The Plastic Plague: Practical Ways to Make a Difference

Dr Anne Morris, Chair of the ICJW Committee for Environment and Sustainable Development, with Jeannette Tsoulos and Jade Weiner, have put together some guidelines to help ICJW members around the world to cut their plastic consumption and help protect the planet.

Perhaps we hardly noticed how it happened, but plastics surround us. They are in our clothes, our cars, our homes, our children’s toys and of course, the unnecessary and excessive packaging that is hard to avoid when we shop.

After decades of plastic accumulating in our landfills and choking our seas and waterways the world has suddenly begun to notice that plastic has become an environmental disaster. Turtles, albatrosses, fish and dolphins die tangled in plastic or with their guts full of plastic.

It is some years since researchers noticed that plastic was accumulating in regions between the ocean currents, forming “great garbage patches”, one of these being three times the size of France. And these patches continue to grow.

The public is now becoming aware of the scale of the microplastics problem – the billions of plastic bits resulting from the breakdown of larger plastic, or deliberately added to multiple products. These include microbeads – tiny grains of plastic added to thousands of skin, cosmetic and cleaning products and even toothpaste, without our knowledge. Washed into our drainage systems, these find their way into all ocean creatures from the smallest organisms to the largest fish. We also ingest them. Despite the public outcry about microbeads hidden in our everyday products, they continue to be used.

Then there is the problem of the thousands of microscopic fibres shed by nylon and polyesters with each wash, billions of fibres ending up in our oceans and in the guts of fish.

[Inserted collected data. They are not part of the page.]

Theorem mainTheorem6 (n : nat) (rho : R) :
  (1 <= n)%nat -> 1 < rho ->
  (Nat.odd n = true ->
     min_attained_exactly n rho
       ((rho ^ (n + 1) - / rho ^ (n + 1)) / (rho + / rho))) /\
  (Nat.even n = true ->
     forall rho_star : R,
       1 < rho_star ->
       a_k (n + 1) rho_star - INR (n + 1) * a_k 1 rho_star = 0 ->
       (forall r : R, 1 < r -> a_k (n + 1) r - INR (n + 1) * a_k 1 r = 0 -> r = rho_star) ->
       rho_star <= rho ->
       min_attained_exactly n rho
         ((rho ^ (n + 1) + / rho ^ (n + 1)) / (rho + / rho))).
Proof.
  intros Hn Hrho.
  assert (HP : 1 < rho ^ (n + 1)) by (apply Rlt_pow_R1; [exact Hrho | lia]).
  assert (HPinv : 0 < / rho ^ (n + 1)) by (apply Rinv_0_lt_compat; lra).
  assert (HPinv1 : / rho ^ (n + 1) < 1) by (rewrite <- Rinv_1; apply Rinv_lt_contravar; lra).
  assert (Hs : 0 < rho + / rho) by (pose proof (Rinv_0_lt_compat rho ltac:(lra)); lra).
  split.
  - intros Hodd; apply Nat.odd_spec in Hodd as [k Hk].
    apply min_attained_exactly_of_defect; [exact Hrho | lra |].
    intros th; apply defect_odd with (sN := sin (INR (n + 1) * th)); [exact HP | exact Hs | |].
    + rewrite Rplus_comm; pose proof (sin2_cos2 (INR (n + 1) * th)) as H; unfold Rsqr in H; lra.
    + intros Hc; replace (n + 1)%nat with (2 * (k + 1))%nat by lia.
      apply (cos_eq_0_mult th (k + 1) Hc).
  - intros Heven rho_star Hstar _ Huniq Hle.
    apply Nat.even_spec in Heven as [k Hk].
    assert (Hgap : 0 <= a_gap n rho).
    { apply (nonneg_beyond_unique_root (a_gap n) 1 rho_star rho); try assumption.
      - intros y Hy; apply continuity_pt_a_gap; lra.
      - intros y Hy; exists (y + INR n + 2); split; [pose proof (pos_INR n); lra|].
        apply a_gap_pos; [exact Hn | pose proof (pos_INR n); lra]. }
    unfold a_gap, a_k in Hgap; rewrite pow_1 in Hgap.
    apply min_attained_exactly_of_defect; [exact Hrho | lra |].
    intros th; replace (n + 1)%nat with (2 * k + 1)%nat in * by lia.
    apply defect_even with (K := INR (2 * k + 1)); try lra.
    + apply pos_INR.
    + apply cos_odd_mult_sqr_le.
    + apply cos_odd_mult_sqr_lt; lia.
    + intros Hc; apply (cos_eq_0_mult th k Hc).
Qed.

Packaging is a large part of the plastic problem, compounded by consumerism and “throwaway living”. Two thirds of packaging is for food and beverages. Food packaging is vital to a globalised food market and is one of multiple environmental problems caused by agribusiness monopolies. The greater the distance that food travels, the more packaging is needed.

What can we do?

Firstly, we should avoid products with microbeads. Please check this list to identify the products in your country that contain them. We should all avoid these products, and spread the word about them.

Many of us are attempting to rid plastic from our lives, returning to products and fibres that were always there before plastics were invented. Recycling, though important, is not capable of coping with the scale of plastic rubbish. We all need to become active in reducing or eliminating our use of plastic and plastic packaging. We can use our own bags for shopping instead of plastic bags, and refuse to buy food that is needlessly packaged. Many customers lobby their supermarkets to stock goods with reduced or no packaging.

There are new businesses in some countries known as zero-packaging food stores, or zero-waste grocery stores, offering food without packaging. Customers bring and refill their own containers with food products and household products (soap, dishwashing and cleanings powders).

Zero-packaging stores are also beneficial as they encourage sourcing locally. They therefore play an important role in supporting local producers. Rather than depending on globalised agribusiness monopolies, they help in regenerating the diversity of local rural enterprises and communities. This means less packaging, fewer poisonous chemicals, reduced food miles, reduced monocultures.

We can all do something positive about the environment if we cut our own plastic consumption and support these initiatives.